[Stored entries]
=== Begin Enclosure ===
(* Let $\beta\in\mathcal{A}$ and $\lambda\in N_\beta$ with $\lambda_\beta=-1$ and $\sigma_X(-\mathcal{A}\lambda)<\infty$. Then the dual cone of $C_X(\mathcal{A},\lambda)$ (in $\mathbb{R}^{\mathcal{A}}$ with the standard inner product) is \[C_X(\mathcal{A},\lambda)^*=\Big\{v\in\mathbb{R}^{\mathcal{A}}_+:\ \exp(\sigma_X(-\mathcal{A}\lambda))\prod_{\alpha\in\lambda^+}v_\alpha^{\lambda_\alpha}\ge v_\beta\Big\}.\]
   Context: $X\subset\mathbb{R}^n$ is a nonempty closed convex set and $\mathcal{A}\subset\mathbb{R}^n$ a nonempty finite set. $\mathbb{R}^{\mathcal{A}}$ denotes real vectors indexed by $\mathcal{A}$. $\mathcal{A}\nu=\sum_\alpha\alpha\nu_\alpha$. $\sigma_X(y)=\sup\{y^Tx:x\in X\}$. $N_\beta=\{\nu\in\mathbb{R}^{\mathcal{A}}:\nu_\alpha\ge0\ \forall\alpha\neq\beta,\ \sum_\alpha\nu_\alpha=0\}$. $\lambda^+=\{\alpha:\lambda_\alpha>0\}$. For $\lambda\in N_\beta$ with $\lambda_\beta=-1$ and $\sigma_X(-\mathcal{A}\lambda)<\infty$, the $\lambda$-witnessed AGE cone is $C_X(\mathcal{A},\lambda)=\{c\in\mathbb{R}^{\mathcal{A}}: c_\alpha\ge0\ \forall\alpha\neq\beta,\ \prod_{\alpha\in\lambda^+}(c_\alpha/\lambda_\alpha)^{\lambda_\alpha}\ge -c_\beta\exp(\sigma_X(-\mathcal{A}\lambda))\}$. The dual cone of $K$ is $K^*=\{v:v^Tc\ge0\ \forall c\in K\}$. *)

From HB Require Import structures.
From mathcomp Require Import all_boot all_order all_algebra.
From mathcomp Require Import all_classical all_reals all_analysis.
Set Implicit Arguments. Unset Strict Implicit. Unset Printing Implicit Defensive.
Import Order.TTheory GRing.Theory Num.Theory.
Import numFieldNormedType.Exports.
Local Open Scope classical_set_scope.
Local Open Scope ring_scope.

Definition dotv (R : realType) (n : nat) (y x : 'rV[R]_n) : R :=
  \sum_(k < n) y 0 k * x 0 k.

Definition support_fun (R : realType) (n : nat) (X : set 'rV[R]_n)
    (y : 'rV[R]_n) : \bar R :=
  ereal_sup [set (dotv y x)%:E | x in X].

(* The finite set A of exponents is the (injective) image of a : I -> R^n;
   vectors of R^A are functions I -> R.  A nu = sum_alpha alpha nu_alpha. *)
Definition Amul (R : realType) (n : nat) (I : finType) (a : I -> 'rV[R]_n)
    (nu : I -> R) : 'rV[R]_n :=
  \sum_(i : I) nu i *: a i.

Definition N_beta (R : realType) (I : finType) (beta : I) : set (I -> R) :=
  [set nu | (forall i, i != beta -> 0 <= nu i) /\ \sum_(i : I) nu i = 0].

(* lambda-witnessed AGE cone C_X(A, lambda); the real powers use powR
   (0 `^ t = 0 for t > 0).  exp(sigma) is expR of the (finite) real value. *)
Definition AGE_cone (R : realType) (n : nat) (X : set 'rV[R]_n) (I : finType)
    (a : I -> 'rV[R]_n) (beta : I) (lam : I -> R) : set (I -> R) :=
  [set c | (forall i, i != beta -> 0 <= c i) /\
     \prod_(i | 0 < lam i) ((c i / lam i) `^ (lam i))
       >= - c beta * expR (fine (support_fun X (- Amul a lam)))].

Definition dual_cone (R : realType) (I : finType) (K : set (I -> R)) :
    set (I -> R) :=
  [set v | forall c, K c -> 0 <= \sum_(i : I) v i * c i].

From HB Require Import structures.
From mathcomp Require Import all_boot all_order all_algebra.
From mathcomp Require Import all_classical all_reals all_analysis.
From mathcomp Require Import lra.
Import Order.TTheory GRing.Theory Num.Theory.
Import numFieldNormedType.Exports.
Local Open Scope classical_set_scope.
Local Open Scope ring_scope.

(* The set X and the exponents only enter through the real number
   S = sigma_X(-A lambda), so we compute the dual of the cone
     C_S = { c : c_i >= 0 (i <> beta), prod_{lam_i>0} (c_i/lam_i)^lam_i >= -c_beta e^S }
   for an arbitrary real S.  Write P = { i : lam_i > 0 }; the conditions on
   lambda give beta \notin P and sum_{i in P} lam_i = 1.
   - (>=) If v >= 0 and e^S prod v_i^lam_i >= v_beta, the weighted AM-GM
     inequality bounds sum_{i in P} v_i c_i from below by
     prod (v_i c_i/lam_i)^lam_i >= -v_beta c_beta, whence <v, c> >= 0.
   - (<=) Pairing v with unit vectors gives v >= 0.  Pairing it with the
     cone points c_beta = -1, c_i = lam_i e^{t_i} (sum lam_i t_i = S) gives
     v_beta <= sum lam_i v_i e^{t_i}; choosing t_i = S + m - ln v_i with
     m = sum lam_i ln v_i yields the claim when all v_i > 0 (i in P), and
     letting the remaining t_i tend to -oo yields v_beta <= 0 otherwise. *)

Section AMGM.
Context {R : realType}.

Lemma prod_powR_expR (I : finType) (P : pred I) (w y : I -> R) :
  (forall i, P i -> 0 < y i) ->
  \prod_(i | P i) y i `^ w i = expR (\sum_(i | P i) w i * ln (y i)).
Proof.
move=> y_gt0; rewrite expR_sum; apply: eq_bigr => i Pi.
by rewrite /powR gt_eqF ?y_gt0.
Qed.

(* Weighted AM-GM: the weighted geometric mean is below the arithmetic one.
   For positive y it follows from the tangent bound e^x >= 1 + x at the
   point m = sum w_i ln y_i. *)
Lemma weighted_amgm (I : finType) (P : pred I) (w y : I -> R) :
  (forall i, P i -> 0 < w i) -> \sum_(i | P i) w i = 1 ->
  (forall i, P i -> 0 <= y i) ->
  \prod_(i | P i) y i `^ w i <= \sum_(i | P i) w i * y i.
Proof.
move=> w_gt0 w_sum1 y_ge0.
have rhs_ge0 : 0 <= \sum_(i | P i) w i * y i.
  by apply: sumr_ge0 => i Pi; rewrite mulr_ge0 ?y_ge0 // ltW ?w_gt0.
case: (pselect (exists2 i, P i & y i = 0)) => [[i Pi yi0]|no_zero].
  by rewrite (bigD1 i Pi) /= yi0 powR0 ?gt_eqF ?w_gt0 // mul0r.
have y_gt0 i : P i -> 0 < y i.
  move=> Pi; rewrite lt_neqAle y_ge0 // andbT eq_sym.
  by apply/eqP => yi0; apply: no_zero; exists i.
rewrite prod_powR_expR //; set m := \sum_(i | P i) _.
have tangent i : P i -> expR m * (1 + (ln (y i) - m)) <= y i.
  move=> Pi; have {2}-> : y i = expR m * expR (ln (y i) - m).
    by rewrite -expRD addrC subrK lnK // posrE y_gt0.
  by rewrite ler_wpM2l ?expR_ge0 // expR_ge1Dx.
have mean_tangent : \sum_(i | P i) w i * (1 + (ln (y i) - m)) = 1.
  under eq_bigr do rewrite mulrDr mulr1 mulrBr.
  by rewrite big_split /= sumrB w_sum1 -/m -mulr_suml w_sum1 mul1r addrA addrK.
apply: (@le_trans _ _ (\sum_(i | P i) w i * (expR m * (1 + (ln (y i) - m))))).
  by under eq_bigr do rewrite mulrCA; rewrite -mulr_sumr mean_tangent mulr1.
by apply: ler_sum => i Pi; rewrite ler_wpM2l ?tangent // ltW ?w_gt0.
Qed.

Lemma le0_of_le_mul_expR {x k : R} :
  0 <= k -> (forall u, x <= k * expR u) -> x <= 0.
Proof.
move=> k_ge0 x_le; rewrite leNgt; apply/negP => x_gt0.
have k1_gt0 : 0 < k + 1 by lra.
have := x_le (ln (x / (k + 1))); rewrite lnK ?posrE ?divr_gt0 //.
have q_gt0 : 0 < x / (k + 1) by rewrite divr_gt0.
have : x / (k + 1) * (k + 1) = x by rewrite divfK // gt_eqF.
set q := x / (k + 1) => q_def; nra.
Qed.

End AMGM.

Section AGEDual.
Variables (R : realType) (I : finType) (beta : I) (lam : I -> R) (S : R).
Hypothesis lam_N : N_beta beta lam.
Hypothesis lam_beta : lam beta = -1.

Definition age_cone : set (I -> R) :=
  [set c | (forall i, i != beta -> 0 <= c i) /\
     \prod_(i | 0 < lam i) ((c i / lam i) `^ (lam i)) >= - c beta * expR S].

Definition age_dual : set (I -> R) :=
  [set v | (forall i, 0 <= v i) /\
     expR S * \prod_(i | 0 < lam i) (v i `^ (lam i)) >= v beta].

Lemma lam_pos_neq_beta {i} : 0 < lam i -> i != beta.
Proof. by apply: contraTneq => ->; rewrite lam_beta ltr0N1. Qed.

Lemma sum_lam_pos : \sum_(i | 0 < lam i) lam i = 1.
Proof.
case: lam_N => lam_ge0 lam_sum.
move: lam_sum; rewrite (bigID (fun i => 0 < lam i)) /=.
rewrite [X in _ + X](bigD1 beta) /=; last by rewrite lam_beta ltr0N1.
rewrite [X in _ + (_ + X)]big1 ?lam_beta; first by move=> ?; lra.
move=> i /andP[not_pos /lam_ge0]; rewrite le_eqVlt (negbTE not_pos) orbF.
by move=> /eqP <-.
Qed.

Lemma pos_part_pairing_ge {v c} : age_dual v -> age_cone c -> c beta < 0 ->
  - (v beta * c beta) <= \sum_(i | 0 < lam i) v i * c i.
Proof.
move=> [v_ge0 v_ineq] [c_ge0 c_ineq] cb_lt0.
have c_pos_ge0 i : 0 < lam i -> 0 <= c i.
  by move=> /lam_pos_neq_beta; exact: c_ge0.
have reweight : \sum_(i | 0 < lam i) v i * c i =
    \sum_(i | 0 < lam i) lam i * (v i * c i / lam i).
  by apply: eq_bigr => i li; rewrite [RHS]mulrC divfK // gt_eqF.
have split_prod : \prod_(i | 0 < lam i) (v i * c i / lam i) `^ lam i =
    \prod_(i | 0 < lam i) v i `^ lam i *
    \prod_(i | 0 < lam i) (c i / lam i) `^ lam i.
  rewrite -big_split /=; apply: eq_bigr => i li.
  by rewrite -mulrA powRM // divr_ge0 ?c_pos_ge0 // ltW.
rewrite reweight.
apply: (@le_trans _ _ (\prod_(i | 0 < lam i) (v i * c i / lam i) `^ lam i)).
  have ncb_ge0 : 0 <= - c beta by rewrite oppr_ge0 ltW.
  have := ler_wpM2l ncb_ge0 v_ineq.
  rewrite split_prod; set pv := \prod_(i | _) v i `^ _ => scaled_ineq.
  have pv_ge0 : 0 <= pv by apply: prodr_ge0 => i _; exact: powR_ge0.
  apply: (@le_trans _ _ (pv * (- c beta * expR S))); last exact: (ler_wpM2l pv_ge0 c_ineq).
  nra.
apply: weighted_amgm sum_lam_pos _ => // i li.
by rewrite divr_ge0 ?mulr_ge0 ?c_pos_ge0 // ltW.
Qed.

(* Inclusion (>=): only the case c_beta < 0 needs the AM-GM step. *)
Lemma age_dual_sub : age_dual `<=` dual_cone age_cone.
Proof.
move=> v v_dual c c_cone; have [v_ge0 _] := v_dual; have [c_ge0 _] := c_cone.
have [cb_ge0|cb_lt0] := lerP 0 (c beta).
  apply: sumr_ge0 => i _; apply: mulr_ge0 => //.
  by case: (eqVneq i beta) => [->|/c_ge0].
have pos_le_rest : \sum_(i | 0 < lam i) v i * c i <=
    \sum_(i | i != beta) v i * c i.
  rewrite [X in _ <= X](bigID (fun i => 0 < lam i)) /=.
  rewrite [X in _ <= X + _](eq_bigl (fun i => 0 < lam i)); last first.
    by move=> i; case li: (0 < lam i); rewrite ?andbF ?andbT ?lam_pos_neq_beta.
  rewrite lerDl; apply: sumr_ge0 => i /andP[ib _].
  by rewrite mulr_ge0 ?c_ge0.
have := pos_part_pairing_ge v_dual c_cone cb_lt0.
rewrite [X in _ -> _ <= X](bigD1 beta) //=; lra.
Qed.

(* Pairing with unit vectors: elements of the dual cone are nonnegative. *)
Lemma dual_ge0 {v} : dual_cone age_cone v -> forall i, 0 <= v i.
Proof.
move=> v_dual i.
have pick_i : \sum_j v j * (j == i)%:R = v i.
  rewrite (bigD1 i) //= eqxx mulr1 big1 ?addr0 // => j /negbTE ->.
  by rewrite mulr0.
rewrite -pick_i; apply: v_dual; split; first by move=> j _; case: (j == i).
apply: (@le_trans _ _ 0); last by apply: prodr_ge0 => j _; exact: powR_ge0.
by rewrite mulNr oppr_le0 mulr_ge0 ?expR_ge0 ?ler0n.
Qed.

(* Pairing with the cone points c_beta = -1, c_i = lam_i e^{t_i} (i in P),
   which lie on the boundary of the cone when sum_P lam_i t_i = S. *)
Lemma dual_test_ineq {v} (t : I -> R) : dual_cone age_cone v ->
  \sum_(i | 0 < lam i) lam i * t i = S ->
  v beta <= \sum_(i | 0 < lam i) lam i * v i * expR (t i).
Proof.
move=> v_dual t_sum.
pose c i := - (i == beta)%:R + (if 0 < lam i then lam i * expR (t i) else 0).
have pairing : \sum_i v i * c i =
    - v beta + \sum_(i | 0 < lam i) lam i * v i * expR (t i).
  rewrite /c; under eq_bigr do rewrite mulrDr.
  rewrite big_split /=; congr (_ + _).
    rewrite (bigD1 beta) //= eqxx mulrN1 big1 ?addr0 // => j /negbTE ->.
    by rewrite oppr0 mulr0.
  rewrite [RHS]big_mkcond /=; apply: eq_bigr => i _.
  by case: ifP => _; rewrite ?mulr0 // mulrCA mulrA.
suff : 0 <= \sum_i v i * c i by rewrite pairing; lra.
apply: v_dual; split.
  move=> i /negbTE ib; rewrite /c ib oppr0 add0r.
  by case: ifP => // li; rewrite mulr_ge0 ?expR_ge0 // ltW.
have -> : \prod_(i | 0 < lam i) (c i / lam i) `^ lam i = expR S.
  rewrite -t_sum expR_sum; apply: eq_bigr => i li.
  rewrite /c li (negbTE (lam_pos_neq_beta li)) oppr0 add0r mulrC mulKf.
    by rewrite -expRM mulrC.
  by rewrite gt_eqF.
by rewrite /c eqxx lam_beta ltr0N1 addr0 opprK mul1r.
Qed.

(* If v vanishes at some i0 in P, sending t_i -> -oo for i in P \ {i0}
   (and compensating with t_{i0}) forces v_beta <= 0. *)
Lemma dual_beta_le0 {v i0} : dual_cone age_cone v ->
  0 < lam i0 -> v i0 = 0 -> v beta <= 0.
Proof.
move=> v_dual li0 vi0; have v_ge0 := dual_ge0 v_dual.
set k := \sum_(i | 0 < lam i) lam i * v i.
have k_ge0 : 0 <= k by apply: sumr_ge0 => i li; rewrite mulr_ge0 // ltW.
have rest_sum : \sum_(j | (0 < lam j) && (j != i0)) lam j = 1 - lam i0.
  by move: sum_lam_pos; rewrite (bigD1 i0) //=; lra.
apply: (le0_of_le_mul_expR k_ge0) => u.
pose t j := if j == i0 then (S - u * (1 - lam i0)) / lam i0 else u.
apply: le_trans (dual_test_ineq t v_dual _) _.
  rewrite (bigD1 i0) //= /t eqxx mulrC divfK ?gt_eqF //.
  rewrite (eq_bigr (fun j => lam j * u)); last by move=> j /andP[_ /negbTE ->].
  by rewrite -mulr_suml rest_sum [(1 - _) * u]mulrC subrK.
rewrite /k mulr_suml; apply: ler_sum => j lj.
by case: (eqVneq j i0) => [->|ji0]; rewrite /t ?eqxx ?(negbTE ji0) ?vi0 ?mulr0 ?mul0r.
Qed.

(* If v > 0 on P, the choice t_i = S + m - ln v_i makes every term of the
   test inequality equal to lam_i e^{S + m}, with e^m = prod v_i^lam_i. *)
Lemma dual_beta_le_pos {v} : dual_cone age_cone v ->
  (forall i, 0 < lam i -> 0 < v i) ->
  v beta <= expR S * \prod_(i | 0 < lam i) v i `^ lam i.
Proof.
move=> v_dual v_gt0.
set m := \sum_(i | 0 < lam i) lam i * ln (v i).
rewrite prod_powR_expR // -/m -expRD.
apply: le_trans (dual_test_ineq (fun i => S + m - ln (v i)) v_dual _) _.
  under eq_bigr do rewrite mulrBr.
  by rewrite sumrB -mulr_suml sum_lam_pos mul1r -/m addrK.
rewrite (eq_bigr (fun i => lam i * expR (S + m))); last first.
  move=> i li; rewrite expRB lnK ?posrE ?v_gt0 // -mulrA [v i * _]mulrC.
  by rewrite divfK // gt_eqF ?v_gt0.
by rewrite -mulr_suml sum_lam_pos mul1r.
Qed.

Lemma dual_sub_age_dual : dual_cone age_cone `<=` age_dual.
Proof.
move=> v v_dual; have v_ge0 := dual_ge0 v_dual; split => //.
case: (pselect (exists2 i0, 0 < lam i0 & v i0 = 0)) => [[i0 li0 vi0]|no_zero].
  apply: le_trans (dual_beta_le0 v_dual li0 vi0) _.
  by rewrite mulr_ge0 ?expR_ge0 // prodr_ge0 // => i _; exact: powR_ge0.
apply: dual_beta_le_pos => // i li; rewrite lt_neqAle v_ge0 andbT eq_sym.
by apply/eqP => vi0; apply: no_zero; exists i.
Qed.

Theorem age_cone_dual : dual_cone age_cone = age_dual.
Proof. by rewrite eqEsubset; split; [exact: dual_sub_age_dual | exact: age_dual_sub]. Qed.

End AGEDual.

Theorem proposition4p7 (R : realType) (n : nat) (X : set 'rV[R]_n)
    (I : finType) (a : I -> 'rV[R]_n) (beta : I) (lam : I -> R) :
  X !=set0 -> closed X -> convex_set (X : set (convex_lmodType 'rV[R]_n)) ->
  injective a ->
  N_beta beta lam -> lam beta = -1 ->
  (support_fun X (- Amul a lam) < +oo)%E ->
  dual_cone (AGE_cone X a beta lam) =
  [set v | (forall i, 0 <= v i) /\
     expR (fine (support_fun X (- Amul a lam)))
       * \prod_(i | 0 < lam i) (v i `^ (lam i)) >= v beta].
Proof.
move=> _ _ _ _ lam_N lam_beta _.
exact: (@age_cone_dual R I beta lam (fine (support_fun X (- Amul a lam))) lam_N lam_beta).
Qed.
=== End Enclosure ===
=== Begin Enclosure ===
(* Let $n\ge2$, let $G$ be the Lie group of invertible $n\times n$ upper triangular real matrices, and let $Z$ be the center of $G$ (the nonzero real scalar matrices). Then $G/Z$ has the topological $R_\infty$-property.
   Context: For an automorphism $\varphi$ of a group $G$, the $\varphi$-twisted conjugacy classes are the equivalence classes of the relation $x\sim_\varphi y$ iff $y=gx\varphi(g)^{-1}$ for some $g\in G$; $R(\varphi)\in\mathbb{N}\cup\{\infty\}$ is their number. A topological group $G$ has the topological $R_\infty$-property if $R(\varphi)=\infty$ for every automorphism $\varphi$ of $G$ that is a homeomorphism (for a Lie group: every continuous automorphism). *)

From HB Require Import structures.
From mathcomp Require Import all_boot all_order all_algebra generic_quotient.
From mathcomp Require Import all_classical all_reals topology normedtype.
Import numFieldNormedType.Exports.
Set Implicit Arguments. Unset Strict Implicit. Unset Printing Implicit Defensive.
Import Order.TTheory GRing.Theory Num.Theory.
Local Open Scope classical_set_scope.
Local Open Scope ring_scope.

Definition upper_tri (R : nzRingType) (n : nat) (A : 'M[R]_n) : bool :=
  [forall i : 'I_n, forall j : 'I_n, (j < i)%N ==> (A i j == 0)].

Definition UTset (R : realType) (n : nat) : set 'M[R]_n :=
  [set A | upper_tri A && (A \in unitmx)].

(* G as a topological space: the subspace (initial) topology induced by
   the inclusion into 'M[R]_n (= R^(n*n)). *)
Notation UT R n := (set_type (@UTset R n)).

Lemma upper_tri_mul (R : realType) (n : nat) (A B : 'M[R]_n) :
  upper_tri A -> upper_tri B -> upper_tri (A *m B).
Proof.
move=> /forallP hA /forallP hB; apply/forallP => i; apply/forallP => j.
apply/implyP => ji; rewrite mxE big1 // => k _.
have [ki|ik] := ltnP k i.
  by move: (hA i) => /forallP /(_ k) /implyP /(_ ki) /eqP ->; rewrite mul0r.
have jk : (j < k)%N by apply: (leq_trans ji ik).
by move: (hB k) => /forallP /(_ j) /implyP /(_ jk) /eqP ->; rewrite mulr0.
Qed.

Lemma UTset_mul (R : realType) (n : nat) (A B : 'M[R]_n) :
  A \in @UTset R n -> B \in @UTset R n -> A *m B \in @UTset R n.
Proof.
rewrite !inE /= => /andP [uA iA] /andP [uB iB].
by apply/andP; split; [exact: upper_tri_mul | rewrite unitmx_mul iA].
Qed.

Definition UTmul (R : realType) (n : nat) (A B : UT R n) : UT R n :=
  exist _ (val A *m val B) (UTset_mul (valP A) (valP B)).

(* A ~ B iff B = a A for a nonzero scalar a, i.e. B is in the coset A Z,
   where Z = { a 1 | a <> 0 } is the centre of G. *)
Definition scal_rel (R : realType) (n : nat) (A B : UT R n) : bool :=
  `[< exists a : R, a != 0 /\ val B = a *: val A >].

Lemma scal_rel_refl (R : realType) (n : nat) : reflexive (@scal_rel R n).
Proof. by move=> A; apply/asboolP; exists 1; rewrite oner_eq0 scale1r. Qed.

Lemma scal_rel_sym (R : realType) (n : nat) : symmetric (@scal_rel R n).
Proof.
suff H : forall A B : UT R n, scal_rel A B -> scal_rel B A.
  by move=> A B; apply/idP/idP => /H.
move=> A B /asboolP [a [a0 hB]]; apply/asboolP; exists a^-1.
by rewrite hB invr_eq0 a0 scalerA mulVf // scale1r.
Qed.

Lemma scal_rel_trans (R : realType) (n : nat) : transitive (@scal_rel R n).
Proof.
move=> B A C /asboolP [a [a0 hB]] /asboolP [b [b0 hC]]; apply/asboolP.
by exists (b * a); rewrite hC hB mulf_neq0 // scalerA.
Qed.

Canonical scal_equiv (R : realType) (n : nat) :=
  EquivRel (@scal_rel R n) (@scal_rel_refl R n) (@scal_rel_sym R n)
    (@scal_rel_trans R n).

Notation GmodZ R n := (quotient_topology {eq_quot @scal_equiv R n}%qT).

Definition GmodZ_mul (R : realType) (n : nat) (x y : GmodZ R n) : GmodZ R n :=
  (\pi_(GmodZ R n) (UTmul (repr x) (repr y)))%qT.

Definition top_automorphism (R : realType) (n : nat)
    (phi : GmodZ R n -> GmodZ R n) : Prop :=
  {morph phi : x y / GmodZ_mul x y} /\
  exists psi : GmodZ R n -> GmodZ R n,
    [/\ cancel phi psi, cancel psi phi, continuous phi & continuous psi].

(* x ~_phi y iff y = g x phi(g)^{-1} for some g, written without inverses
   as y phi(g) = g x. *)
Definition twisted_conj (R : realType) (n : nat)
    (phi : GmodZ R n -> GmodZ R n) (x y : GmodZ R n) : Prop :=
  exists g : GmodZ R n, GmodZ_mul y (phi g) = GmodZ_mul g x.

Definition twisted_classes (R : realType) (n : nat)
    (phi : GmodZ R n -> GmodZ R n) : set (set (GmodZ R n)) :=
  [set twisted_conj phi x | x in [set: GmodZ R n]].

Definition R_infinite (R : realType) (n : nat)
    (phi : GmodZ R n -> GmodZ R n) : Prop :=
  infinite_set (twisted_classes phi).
=== End Enclosure ===
=== Begin Enclosure ===
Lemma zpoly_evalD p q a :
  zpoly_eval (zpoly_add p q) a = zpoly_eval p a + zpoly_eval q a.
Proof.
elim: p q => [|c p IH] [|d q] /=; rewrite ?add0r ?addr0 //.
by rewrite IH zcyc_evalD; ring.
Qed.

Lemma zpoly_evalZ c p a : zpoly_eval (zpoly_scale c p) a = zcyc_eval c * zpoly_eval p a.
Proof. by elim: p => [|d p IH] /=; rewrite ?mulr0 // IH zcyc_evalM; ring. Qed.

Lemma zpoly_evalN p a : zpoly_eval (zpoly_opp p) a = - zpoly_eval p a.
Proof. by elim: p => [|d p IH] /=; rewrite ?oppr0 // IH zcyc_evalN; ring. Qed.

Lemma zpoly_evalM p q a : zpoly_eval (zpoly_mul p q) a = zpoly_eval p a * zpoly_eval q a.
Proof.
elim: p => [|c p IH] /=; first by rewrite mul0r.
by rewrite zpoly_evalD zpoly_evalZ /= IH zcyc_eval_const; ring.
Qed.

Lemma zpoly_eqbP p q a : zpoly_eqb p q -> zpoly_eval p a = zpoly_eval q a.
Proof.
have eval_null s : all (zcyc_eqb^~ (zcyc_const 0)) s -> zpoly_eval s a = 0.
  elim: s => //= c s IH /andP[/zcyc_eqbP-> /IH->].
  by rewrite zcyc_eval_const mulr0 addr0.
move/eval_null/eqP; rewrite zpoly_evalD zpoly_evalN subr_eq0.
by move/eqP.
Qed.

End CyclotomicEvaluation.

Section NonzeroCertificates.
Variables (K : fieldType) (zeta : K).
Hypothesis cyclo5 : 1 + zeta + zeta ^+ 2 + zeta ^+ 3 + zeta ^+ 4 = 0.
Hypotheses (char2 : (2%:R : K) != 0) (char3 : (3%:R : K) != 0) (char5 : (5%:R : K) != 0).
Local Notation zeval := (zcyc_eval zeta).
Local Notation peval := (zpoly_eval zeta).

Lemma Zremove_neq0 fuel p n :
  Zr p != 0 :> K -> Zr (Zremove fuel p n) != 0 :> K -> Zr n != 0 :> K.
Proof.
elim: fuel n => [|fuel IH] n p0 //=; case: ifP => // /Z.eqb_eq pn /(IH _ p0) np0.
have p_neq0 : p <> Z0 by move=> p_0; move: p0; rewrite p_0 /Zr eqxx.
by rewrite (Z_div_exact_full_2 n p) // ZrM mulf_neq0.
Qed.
=== End Enclosure ===
> [WORK INSTRUCTIONS]: Return the span of lines in the data above that opens at the line with "suff : 0 <= \sum_i" and closes at the line with "have k_ge0 : 0", exactly, ends included, nothing else.

> [SOLUTION]:
suff : 0 <= \sum_i v i * c i by rewrite pairing; lra.
apply: v_dual; split.
  move=> i /negbTE ib; rewrite /c ib oppr0 add0r.
  by case: ifP => // li; rewrite mulr_ge0 ?expR_ge0 // ltW.
have -> : \prod_(i | 0 < lam i) (c i / lam i) `^ lam i = expR S.
  rewrite -t_sum expR_sum; apply: eq_bigr => i li.
  rewrite /c li (negbTE (lam_pos_neq_beta li)) oppr0 add0r mulrC mulKf.
    by rewrite -expRM mulrC.
  by rewrite gt_eqF.
by rewrite /c eqxx lam_beta ltr0N1 addr0 opprK mul1r.
Qed.

(* If v vanishes at some i0 in P, sending t_i -> -oo for i in P \ {i0}
   (and compensating with t_{i0}) forces v_beta <= 0. *)
Lemma dual_beta_le0 {v i0} : dual_cone age_cone v ->
  0 < lam i0 -> v i0 = 0 -> v beta <= 0.
Proof.
move=> v_dual li0 vi0; have v_ge0 := dual_ge0 v_dual.
set k := \sum_(i | 0 < lam i) lam i * v i.
have k_ge0 : 0 <= k by apply: sumr_ge0 => i li; rewrite mulr_ge0 // ltW.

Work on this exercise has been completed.